**Work required**
Report, as a number alone, how many lines below contain the string "Lemma".

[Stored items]
[Start of Attachment]

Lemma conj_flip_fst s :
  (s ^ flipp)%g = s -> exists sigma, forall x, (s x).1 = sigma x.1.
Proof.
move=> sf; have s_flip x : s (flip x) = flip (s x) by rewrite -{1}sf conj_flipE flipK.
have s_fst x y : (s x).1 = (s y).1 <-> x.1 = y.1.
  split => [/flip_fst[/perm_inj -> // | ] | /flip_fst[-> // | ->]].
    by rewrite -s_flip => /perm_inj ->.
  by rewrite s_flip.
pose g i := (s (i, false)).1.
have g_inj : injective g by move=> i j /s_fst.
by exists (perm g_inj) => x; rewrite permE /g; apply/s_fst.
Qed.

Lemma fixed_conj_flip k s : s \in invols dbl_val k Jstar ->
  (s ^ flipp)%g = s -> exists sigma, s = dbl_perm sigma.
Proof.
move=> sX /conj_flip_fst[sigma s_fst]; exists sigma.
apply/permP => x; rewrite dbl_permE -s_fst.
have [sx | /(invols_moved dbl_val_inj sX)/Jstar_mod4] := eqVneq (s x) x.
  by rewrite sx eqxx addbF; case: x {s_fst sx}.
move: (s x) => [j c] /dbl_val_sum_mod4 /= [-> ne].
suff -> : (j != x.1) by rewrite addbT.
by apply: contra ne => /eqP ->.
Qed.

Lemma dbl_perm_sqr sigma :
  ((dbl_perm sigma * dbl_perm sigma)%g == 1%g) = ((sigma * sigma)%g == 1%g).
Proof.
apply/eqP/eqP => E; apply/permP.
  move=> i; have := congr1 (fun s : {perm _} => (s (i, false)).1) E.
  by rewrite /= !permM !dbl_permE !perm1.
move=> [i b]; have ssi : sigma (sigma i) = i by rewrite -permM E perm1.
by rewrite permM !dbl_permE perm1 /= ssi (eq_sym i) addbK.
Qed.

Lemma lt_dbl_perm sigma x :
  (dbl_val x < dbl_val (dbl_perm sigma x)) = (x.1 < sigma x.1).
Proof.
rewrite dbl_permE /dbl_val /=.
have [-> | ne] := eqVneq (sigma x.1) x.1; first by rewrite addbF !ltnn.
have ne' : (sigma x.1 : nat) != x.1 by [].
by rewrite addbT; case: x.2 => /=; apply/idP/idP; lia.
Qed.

[End of Attachment]

**Result of this exercise**
4